Large language models (LLMs) facilitate various applications but face computational efficiency challenges due to the sequential structure of transformers, prompting the need for optimization strategies.
NVIDIA researchers introduced FFN Fusion, a method to parallelize low-dependency FFN layers by combining them into wider FFNs, reducing sequential computation.
FFN Fusion was applied to the Llama-405B model, resulting in Ultra-253B-Base, which improved speed and resource efficiency without compromising model performance.
The fused model achieved notable gains, including a 1.71x inference speed improvement and a 35x reduction in per-token computational cost.
Benchmark results showed competitive performance metrics for Ultra-253B-Base, with memory usage halved and high accuracy retained.
FFN Fusion demonstrates that redesigning model architectures can lead to significant efficiency enhancements, enabling broader applications across different model sizes.
The technique's systematic approach using cosine distance analysis helps identify suitable FFN sequences for fusion, with validation across varied model scales.

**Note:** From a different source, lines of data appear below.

(* Let $\hat Q^\pi\in\mathcal H$ satisfy $\hat C_{\omega_0,\omega_0}\hat Q^\pi-\big[\hat C_{\omega_0,\omega_0}r+\gamma\hat C_{\omega_0,\omega_1}\hat Q^\pi\big]+\lambda\hat Q^\pi=0$ (equivalently, $\hat Q^\pi$ is the kernel TD estimator). Then $\hat Q^\pi\in\hat{\mathcal H}:=\mathrm{span}\{K(\omega_0^{(i)},\cdot):i=1,\dots,n\}$.
   Context: $\mathcal S\subset\mathbb R^{d_s}$, $\mathcal A\subset\mathbb R^{d_a}$ compact convex; $K$ a symmetric positive definite kernel on $\mathcal S\times\mathcal A$ with bounded diagonal and RKHS $\mathcal H$; $r\in\mathcal H$; $\gamma\in[0,1]$, $\lambda>0$. Sample points $\omega_0^{(i)},\omega_1^{(i)}\in\mathcal S\times\mathcal A$, $i=1,\dots,n$. Empirical operators: $\hat C_{\omega_0,\omega_0}g=\frac1n\sum_{i=1}^ng(\omega_0^{(i)})K(\omega_0^{(i)},\cdot)$ and $\hat C_{\omega_0,\omega_1}g=\frac1n\sum_{i=1}^ng(\omega_1^{(i)})K(\omega_0^{(i)},\cdot)$ for $g\in\mathcal H$. *)

From HB Require Import structures.
From mathcomp Require Import all_boot all_order all_algebra.
From mathcomp Require Import all_classical all_reals all_analysis.
Set Implicit Arguments. Unset Strict Implicit. Unset Printing Implicit Defensive.
Import Order.TTheory GRing.Theory Num.Theory numFieldNormedType.Exports.
Local Open Scope ring_scope.
Local Open Scope classical_set_scope.

Definition SA (R : realType) (ds da : nat)
  (S : set 'rV[R]_ds) (A : set 'rV[R]_da) : Type :=
  {p : 'rV[R]_ds * 'rV[R]_da | S p.1 /\ A p.2}.

Definition sym_pd_kernel (R : realType) (X : Type) (K : X -> X -> R) : Prop :=
  (forall x y, K x y = K y x) /\
  (forall (m : nat) (x : 'I_m -> X) (c : 'I_m -> R),
      0 <= \sum_(i < m) \sum_(j < m) c i * c j * K (x i) (x j)).

Definition bounded_diag (R : realType) (X : Type) (K : X -> X -> R) : Prop :=
  exists M : R, forall x, K x x <= M.

Definition is_RKHS (R : realType) (X : Type) (K : X -> X -> R)
  (H : set (X -> R)) (ip : (X -> R) -> (X -> R) -> R) : Prop :=
  [/\ H (fun _ => 0),
      (forall f g, H f -> H g -> H (fun x => f x + g x)) &
      (forall (a : R) f, H f -> H (fun x => a * f x))] /\
      [/\ (forall f g, H f -> H g -> ip f g = ip g f),
          (forall f g h, H f -> H g -> H h ->
             ip (fun x => f x + g x) h = ip f h + ip g h),
          (forall (a : R) f g, H f -> H g -> ip (fun x => a * f x) g = a * ip f g),
          (forall f, H f -> 0 <= ip f f) &
          (forall f, H f -> ip f f = 0 -> f = (fun _ => 0))] /\
      (forall u : nat -> (X -> R), (forall k, H (u k)) ->
         (forall e : R, 0 < e -> exists N, forall m p, (N <= m)%N -> (N <= p)%N ->
             Num.sqrt (ip (fun x => u m x - u p x) (fun x => u m x - u p x)) < e) ->
         exists g, H g /\ forall e : R, 0 < e -> exists N, forall m, (N <= m)%N ->
             Num.sqrt (ip (fun x => u m x - g x) (fun x => u m x - g x)) < e) /\
      (forall x, H (K x)) /\
      (forall f x, H f -> ip f (K x) = f x).

Definition Chat00 (R : realType) (X : Type) (K : X -> X -> R) (n : nat)
  (w0 : 'I_n -> X) (g : X -> R) : X -> R :=
  fun x => n%:R^-1 * \sum_(i < n) g (w0 i) * K (w0 i) x.

Definition Chat01 (R : realType) (X : Type) (K : X -> X -> R) (n : nat)
  (w0 w1 : 'I_n -> X) (g : X -> R) : X -> R :=
  fun x => n%:R^-1 * \sum_(i < n) g (w1 i) * K (w0 i) x.

Definition feature_span (R : realType) (X : Type) (K : X -> X -> R) (n : nat)
  (w0 : 'I_n -> X) : set (X -> R) :=
  [set f | exists c : 'I_n -> R, f = fun x => \sum_(i < n) c i * K (w0 i) x].

From HB Require Import structures.
From mathcomp Require Import all_boot all_order all_algebra.
From mathcomp Require Import all_classical all_reals all_analysis.
From mathcomp Require Import ring.
Import Order.TTheory GRing.Theory Num.Theory numFieldNormedType.Exports.
Local Open Scope ring_scope.
Local Open Scope classical_set_scope.

(* Both empirical operators take values in the span of the features
   K(w0_i, .), and the TD equation expresses lambda Q as a combination of such
   values; since lambda > 0, Q itself lies in that span.  No property of the
   kernel or of the RKHS is needed. *)

Section FeatureSpan.

Set Implicit Arguments.
Unset Strict Implicit.

Variables (R : realType) (X : Type) (K : X -> X -> R) (n : nat) (w0 : 'I_n -> X).

Lemma feature_span_scale (a : R) (f : X -> R) :
  feature_span K w0 f -> feature_span K w0 (fun x => a * f x).
Proof.
move=> [c ->]; exists (fun i => a * c i); apply: funext => x.
by rewrite mulr_sumr; apply: eq_bigr => i _; rewrite mulrA.
Qed.

Lemma feature_span_add (f g : X -> R) :
  feature_span K w0 f -> feature_span K w0 g ->
  feature_span K w0 (fun x => f x + g x).
Proof.
move=> [c ->] [d ->]; exists (fun i => c i + d i); apply: funext => x.
by rewrite -big_split; apply: eq_bigr => i _; rewrite mulrDl.
Qed.

Lemma feature_span_sub (f g : X -> R) :
  feature_span K w0 f -> feature_span K w0 g ->
  feature_span K w0 (fun x => f x - g x).
Proof.
move=> [c ->] [d ->]; exists (fun i => c i - d i); apply: funext => x.
by rewrite -sumrB; apply: eq_bigr => i _; rewrite mulrBl.
Qed.

Lemma feature_span_avg (c : 'I_n -> R) :
  feature_span K w0 (fun x => n%:R^-1 * \sum_(i < n) c i * K (w0 i) x).
Proof. by apply: feature_span_scale; exists c. Qed.

Lemma Chat00_feature_span (g : X -> R) : feature_span K w0 (Chat00 K w0 g).
Proof. exact: (feature_span_avg (fun i => g (w0 i))). Qed.

Lemma Chat01_feature_span (w1 : 'I_n -> X) (g : X -> R) :
  feature_span K w0 (Chat01 K w0 w1 g).
Proof. exact: (feature_span_avg (fun i => g (w1 i))). Qed.

Lemma TD_fixed_point (w1 : 'I_n -> X) (r Q : X -> R) (gamma lambda : R) :
  lambda != 0 ->
  (forall x, Chat00 K w0 Q x - (Chat00 K w0 r x + gamma * Chat01 K w0 w1 Q x)
               + lambda * Q x = 0) ->
  Q = fun x => lambda^-1 *
        (Chat00 K w0 r x + gamma * Chat01 K w0 w1 Q x - Chat00 K w0 Q x).
Proof.
move=> lambda_neq0 hTD; apply: funext => x.
apply: (mulfI lambda_neq0); rewrite mulrA divff // mul1r.
apply/eqP; rewrite -subr_eq0 -(hTD x); apply/eqP; ring.
Qed.

End FeatureSpan.

Theorem lemma4 (R : realType) (ds da : nat)
  (S : set 'rV[R]_ds) (A : set 'rV[R]_da)
  (hSc : compact S) (hSv : convex_set (S : set (convex_lmodType 'rV[R]_ds)))
  (hAc : compact A) (hAv : convex_set (A : set (convex_lmodType 'rV[R]_da)))
  (K : SA S A -> SA S A -> R) (hK : sym_pd_kernel K) (hKb : bounded_diag K)
  (H : set (SA S A -> R)) (ip : (SA S A -> R) -> (SA S A -> R) -> R)
  (hH : is_RKHS K H ip)
  (r : SA S A -> R) (hr : H r)
  (gamma lambda : R) (hg0 : 0 <= gamma) (hg1 : gamma <= 1) (hl : 0 < lambda)
  (n : nat) (hn : (0 < n)%N) (w0 w1 : 'I_n -> SA S A)
  (Q : SA S A -> R) (hQ : H Q)
  (hTD : forall x,
     Chat00 K w0 Q x - (Chat00 K w0 r x + gamma * Chat01 K w0 w1 Q x)
       + lambda * Q x = 0) :
  feature_span K w0 Q.
Proof.
rewrite (TD_fixed_point (lt0r_neq0 hl) hTD).
apply/feature_span_scale/feature_span_sub; last exact: Chat00_feature_span.
apply: feature_span_add; first exact: Chat00_feature_span.
exact/feature_span_scale/Chat01_feature_span.
Qed.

While FFN Fusion is effective for larger model scales and complements techniques like pruning and quantization, full transformer block parallelization requires further investigation due to interdependencies.
This research sets the stage for more parallel-friendly and hardware-efficient designs for large language models, promising advancements in computational efficiency and performance.
This study sheds light on how optimizing model architectures, like using FFN Fusion, can revolutionize the efficiency and scalability of large language models, addressing critical challenges in sequential computation.